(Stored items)
[Start of Attachment]

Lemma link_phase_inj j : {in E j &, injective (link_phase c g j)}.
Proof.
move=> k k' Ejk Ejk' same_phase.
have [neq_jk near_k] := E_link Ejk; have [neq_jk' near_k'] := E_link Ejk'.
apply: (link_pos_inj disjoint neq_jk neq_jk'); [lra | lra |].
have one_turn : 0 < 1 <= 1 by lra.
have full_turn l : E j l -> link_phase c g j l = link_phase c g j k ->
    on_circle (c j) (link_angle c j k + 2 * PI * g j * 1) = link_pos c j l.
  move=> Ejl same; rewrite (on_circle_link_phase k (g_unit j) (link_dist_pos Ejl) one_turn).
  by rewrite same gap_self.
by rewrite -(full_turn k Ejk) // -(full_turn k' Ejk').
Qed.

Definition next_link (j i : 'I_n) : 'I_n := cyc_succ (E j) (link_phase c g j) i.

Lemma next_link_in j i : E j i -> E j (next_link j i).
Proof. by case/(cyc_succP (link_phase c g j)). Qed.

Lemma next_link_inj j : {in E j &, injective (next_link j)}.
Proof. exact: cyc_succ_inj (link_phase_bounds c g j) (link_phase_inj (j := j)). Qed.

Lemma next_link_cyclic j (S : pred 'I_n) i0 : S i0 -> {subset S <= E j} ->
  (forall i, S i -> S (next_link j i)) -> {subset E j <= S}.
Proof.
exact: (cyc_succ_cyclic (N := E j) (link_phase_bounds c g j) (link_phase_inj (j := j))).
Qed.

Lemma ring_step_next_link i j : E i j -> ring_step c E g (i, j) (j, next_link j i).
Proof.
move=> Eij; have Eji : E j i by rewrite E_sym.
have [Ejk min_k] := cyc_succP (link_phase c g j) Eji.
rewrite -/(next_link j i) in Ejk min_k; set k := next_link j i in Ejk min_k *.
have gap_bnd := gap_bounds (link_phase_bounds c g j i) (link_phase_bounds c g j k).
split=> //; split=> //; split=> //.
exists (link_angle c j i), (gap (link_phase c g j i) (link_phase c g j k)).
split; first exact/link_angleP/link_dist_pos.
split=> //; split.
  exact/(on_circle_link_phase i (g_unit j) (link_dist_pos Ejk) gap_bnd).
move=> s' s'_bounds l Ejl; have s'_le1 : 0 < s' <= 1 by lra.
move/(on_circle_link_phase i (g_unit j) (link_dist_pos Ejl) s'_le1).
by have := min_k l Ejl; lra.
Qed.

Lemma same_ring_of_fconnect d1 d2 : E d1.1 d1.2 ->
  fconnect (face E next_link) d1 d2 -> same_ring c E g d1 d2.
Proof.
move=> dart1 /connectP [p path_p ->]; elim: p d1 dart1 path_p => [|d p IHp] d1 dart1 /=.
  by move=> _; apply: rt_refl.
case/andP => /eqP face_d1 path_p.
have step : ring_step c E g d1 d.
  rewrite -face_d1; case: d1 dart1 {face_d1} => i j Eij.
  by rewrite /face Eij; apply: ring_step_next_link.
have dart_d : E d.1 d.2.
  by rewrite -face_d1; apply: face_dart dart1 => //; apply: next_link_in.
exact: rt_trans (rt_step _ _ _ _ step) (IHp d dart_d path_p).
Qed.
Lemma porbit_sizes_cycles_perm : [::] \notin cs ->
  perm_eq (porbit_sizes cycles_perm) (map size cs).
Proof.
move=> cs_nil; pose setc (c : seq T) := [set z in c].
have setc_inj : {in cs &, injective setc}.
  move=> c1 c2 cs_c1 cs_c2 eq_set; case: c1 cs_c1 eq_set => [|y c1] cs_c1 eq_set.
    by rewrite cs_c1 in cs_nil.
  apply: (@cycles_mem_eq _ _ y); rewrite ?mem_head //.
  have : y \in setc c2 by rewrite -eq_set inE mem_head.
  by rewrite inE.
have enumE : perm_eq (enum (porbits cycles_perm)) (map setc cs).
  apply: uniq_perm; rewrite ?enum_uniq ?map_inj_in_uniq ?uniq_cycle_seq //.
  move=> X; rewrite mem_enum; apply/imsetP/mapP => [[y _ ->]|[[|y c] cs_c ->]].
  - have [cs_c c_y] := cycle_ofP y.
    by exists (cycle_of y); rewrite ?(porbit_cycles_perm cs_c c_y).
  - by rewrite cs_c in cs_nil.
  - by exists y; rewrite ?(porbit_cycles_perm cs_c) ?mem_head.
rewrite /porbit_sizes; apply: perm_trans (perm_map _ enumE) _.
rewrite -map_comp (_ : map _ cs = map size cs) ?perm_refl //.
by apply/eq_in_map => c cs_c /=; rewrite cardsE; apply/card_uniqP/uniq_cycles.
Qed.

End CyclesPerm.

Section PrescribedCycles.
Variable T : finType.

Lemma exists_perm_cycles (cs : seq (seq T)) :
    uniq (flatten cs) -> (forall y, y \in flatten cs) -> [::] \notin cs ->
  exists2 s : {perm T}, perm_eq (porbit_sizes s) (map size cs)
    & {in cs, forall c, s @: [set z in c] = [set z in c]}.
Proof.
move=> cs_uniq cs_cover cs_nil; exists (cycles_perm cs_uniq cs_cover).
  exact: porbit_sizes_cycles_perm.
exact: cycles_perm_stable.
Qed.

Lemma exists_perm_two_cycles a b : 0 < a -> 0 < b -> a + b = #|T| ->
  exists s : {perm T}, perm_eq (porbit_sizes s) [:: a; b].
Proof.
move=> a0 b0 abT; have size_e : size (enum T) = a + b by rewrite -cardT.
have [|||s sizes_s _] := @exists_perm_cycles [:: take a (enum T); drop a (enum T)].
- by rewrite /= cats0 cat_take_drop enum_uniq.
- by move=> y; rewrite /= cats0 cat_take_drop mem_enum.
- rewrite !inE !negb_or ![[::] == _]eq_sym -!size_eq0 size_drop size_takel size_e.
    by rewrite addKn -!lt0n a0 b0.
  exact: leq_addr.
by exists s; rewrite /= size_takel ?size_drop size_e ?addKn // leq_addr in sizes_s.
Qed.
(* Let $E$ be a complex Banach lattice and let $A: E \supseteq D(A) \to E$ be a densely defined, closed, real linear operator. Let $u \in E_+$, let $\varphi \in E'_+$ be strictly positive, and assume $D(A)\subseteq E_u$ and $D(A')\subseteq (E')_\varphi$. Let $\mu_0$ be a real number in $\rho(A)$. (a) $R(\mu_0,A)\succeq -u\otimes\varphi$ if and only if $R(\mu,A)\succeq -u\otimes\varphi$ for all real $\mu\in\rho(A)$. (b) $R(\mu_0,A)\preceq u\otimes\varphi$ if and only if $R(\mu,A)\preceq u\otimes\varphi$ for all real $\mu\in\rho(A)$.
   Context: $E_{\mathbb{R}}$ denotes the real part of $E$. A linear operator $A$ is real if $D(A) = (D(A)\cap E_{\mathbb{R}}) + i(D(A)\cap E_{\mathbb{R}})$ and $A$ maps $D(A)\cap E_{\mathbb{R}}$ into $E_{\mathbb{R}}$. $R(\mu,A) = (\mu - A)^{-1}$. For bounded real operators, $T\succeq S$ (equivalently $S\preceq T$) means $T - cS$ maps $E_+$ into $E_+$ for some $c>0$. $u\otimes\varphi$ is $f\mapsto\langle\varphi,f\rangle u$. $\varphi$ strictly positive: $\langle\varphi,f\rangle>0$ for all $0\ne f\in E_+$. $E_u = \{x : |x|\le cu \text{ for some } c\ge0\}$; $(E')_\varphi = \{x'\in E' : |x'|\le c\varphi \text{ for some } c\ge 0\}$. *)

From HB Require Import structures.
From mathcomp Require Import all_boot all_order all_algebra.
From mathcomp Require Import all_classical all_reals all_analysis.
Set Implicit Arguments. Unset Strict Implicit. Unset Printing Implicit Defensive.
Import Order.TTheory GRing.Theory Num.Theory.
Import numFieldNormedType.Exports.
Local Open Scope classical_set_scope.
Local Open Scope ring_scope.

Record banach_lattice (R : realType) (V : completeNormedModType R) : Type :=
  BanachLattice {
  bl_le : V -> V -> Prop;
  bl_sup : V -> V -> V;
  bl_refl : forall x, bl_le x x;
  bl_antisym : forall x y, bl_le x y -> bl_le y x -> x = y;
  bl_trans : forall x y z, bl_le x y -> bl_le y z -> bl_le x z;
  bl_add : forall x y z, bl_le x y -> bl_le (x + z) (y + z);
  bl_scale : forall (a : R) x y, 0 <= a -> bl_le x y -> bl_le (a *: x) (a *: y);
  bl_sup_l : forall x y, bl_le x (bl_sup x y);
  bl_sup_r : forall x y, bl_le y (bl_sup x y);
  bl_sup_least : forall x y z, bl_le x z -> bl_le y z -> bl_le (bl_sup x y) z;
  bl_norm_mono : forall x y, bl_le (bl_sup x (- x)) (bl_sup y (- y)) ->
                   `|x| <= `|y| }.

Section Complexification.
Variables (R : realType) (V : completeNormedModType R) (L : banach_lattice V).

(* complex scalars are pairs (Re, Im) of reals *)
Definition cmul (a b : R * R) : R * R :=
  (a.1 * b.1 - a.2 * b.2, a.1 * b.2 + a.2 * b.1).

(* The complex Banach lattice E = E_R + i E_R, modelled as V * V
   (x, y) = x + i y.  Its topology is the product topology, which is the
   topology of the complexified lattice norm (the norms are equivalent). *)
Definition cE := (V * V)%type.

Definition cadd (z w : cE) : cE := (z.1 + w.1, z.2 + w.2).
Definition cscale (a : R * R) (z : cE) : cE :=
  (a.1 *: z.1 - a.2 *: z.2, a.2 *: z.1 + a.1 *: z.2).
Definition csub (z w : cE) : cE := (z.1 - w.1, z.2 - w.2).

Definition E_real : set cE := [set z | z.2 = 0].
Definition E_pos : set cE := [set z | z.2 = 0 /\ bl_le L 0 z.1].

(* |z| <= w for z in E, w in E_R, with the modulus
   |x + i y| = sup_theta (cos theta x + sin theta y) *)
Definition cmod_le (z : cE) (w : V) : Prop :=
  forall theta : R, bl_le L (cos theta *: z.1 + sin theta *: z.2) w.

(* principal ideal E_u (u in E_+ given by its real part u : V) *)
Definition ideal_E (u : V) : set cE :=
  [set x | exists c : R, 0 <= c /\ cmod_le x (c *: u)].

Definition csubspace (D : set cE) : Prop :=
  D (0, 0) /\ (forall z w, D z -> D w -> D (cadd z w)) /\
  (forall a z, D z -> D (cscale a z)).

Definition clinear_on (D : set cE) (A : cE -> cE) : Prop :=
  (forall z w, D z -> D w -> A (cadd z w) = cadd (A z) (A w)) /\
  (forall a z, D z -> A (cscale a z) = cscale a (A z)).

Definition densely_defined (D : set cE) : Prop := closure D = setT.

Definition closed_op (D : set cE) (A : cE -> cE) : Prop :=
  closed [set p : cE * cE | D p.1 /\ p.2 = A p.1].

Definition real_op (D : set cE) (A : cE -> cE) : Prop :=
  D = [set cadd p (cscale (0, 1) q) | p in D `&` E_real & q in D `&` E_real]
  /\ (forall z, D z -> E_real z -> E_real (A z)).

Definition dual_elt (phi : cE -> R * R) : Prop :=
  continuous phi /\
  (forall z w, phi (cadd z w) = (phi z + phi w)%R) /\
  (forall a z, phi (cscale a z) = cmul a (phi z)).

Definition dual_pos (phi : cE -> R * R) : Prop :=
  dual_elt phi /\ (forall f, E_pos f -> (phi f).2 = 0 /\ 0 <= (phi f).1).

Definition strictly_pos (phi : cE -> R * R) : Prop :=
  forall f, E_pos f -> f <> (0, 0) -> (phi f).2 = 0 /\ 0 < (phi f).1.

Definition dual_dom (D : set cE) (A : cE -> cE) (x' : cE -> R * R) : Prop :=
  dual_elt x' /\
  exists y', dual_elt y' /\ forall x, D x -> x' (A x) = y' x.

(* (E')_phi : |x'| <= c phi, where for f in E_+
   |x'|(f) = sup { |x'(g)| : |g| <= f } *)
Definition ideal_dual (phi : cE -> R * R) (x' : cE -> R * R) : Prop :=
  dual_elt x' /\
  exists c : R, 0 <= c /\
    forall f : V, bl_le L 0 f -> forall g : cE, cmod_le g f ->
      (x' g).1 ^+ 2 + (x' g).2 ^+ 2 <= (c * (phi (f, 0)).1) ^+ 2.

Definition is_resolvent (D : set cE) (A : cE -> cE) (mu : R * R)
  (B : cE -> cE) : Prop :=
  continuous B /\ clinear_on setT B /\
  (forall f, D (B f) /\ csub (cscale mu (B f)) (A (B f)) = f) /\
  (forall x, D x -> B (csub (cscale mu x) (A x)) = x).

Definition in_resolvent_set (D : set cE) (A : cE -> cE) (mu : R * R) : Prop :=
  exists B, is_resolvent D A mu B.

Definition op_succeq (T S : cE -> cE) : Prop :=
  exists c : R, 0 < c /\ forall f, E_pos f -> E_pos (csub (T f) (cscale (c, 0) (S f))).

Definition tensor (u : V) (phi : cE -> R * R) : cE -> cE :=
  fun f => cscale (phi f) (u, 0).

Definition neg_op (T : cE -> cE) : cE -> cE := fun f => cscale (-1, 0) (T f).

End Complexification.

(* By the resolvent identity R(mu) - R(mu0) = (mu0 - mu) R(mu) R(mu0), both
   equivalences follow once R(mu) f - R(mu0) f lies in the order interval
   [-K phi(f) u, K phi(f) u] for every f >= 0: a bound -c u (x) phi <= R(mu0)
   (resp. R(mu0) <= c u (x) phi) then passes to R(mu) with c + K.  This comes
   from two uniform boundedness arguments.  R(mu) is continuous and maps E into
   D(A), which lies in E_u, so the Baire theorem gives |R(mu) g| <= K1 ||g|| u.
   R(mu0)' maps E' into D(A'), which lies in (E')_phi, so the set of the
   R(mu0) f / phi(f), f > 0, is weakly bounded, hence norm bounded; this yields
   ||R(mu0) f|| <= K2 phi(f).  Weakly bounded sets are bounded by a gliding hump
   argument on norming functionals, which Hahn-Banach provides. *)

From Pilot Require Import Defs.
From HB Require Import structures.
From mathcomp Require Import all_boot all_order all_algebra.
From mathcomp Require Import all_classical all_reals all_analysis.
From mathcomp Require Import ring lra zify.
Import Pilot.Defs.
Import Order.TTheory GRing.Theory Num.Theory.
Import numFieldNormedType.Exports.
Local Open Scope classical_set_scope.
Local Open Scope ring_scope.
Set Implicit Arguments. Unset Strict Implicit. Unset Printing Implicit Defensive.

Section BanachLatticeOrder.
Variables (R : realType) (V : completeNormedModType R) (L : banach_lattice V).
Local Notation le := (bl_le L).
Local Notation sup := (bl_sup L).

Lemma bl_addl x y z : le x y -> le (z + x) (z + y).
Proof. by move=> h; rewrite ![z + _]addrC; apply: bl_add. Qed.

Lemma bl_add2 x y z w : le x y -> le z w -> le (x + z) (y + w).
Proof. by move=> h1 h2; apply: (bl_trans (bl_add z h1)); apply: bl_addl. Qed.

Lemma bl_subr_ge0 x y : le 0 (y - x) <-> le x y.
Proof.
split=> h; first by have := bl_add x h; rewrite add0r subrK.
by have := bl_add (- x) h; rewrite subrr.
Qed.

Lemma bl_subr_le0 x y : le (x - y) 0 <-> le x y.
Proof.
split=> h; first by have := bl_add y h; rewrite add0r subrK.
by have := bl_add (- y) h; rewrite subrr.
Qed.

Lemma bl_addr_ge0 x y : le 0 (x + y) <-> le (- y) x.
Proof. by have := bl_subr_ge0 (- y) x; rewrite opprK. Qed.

[End of Attachment]

- Work request
All lines above with "which" in them should be returned.

- Completed exercise
   (x, y) = x + i y.  Its topology is the product topology, which is the
   D(A), which lies in E_u, so the Baire theorem gives |R(mu) g| <= K1 ||g|| u.
   R(mu0)' maps E' into D(A'), which lies in (E')_phi, so the set of the
   argument on norming functionals, which Hahn-Banach provides. *)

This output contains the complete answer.